In the snippet above, I moved hard-coded variables into constants that are declared before the loop starts as well as assigned each RGB value to an int variable. The last bit is needed because we need to get ASCII codes of each character to get its intensity value.


In doing so, I got the following results:

Ascii data type missmatch refactoring.JPG

The above indicates that now we have 3 datatype miss-matches that take additional time on each loop to convert from char to int and then from int to float for the final calculation of the sum.

Solution

Unfortunately, sometimes there is no way around the datatype conversion, as it is the only way to retrieve the information. So all we can do now is minimize the impact.

Ascii solution.JPG

The final solution above involves making sure that the data types stay consistent across the calculation by converting chars straight to floats and using float constants, thus only making a single type cast for every bracket pair.

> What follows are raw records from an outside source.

From mathcomp Require Import all_boot all_order all_algebra.
From mathcomp Require Import reals.
From mathcomp.real_closed Require Import complex.
From mathcomp Require Import spectral sesquilinear.
From mathcomp Require Import ring.
Set Implicit Arguments. Unset Strict Implicit. Unset Printing Implicit Defensive.
Import Order.TTheory GRing.Theory Num.Theory.
Local Open Scope ring_scope.

(* Since c_mu is real and M_mu is Hermitian, D is Hermitian, so
   D = P^* diag(d) P with P unitary.  Let nu a b e be the structure
   constants of mu in the orthonormal eigenbasis (q_a).  Then
   (1) nu a b e (d_e - d_a - d_b) = 0, since D is a derivation;
   (2) c_mu + d_l = 2 sum |nu a b l|^2 - 2 sum |nu a l e|^2
                    - 2 sum |nu l a e|^2, the l-th diagonal entry of
       P M_mu P^* = c_mu + diag(d), computed via Frobenius norms.
   With the integer vectors eps_e - eps_a - eps_b for the triples where
   nu a b e != 0, (1) says that d is orthogonal to them and (2) that
   c_mu + d lies in their span; a linear-algebra argument over Q then shows
   that d is a rational multiple of c_mu.  Clearing denominators and dividing
   by the gcd gives the scaling factor. *)

Section RealFieldOrthogonality.
Variable F : realFieldType.

(* Over a real field, a vector of the row space of A that is orthogonal to
   every row of A has zero squared norm, hence vanishes. *)
Lemma row_space_orth_eq0 m n (A : 'M[F]_(m, n)) (x : 'rV[F]_n) :
  (x <= A)%MS -> x *m A^T = 0 -> x = 0.
Proof.
move=> /submxP [y ->] xAT0.
have norm0 : \sum_l ((y *m A) 0 l) ^+ 2 = 0.
  have /matrixP /(_ 0 0) : (y *m A) *m (y *m A)^T = 0.
    by rewrite trmx_mul mulmxA xAT0 mul0mx.
  rewrite !mxE => E; rewrite -[RHS]E; apply: eq_bigr => l _; by rewrite !mxE expr2.
apply/rowP => l; rewrite [RHS]mxE; apply/eqP; rewrite -sqrf_eq0; apply/eqP.
exact: (psumr_eq0P (P := predT) (fun i _ => sqr_ge0 _) norm0).
Qed.
(* Let $G$ be a split graph with vertex set partitioned as $I^*\cup K$, where $K$ is a clique and $I^*$ is an independent set with $|I^*|=\alpha(G)$, and let $H$ be a graph. Then $\gamma_{gr}(G\circ H)= |I^*|\gamma_{gr}(H)+n(G)$.
   Context: $\alpha(G)$ is the independence number and $N(v)$ the open neighborhood. $n(G)=1$ if there exist $v,w\in K$ with $N(v)\cap N(w)\cap I^*=\emptyset$, and $n(G)=0$ otherwise. The lexicographic product $G\circ H$ has vertex set $V(G)\times V(H)$, with $(g_1,h_1)$ adjacent to $(g_2,h_2)$ iff $g_1g_2\in E(G)$, or $g_1=g_2$ and $h_1h_2\in E(H)$. $\gamma_{gr}$ is the Grundy domination number: the maximum length of a sequence $(v_1,\dots,v_k)$ of distinct vertices whose set is dominating and such that each $N[v_i]\setminus\bigcup_{j<i}N[v_j]$ is non-empty ($N[\cdot]$ the closed neighborhood). *)

From mathcomp Require Import all_boot all_order.
Set Implicit Arguments. Unset Strict Implicit. Unset Printing Implicit Defensive.

Section Graphs.
Variable T : finType.
Implicit Types (e : rel T) (S : {set T}).

Definition simple_graph e := irreflexive e /\ symmetric e.

Definition onbhd e (v : T) : {set T} := [set u | e v u].
Definition cnbhd e (v : T) : {set T} := [set u | (u == v) || e v u].

Definition independent e S := [forall u in S, forall v in S, ~~ e u v].
Definition clique e S := [forall u in S, forall v in S, (u != v) ==> e u v].

Definition alpha e : nat := \max_(S : {set T} | independent e S) #|S|.

Fixpoint footprinting e (covered : {set T}) (s : seq T) : bool :=
  match s with
  | [::] => true
  | v :: s' => ~~ (cnbhd e v \subset covered)
               && footprinting e (covered :|: cnbhd e v) s'
  end.

Definition dominating_seq e (s : seq T) : bool :=
  [set: T] \subset \bigcup_(v <- s) cnbhd e v.

Definition grundy_dom_seq e (s : seq T) : bool :=
  [&& uniq s, dominating_seq e s & footprinting e set0 s].

(* Grundy domination number: maximum length of a Grundy dominating sequence
   (lengths are bounded by #|T| since the vertices are distinct) *)
Definition grundy_dom e : nat :=
  \max_(k < #|T|.+1 | [exists t : k.-tuple T, grundy_dom_seq e t]) k.

Definition nG e (I K : {set T}) : nat :=
  [exists v in K, exists w in K, onbhd e v :&: onbhd e w :&: I == set0].

End Graphs.

Definition lexprod (T U : finType) (eG : rel T) (eH : rel U) : rel (T * U) :=
  fun x y => eG x.1 y.1 || ((x.1 == y.1) && eH x.2 y.2).

From mathcomp Require Import all_boot all_order zify.
Set Implicit Arguments. Unset Strict Implicit. Unset Printing Implicit Defensive.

The final solution achieved a speedup of around 200ms on a 10s video clip.

Summary

Our code changes involved:

1. Parallelized our code with the #pragma omp parallel for statement. 
  * This improved our runtime to 5(+- 1 second) seconds of OpenCV overehead + length of video for a 1080p video
2. Added dynamic scheduling with our code
  * Improvement on load balancing. There was minimal runtime gain on our test videos because initial parallelization already optimized the code to handle frames as fast as they are retrieved
3. Eliminated the data type conversion in our logic
  * Improvement on memory management. There was minimal runtime gain on our test videos because initial parallelization already optimized the code to handle frames as fast as they are retrieved however the section itself showed a 50% improvement in runtime

To preface our results:

We used OpenCV to process and display our results. This added roughly 5 seconds of overhead added by OpenCV to create the Window and the related processes required to display the resulting video. This is outside of our control.

After our initial parallelization improvements our bottleneck is no longer our code but the speed at which we get frames from the source so our improvements do not improve our runtime with a 1080p video but could help maintain this level of execution on higher resolution videos.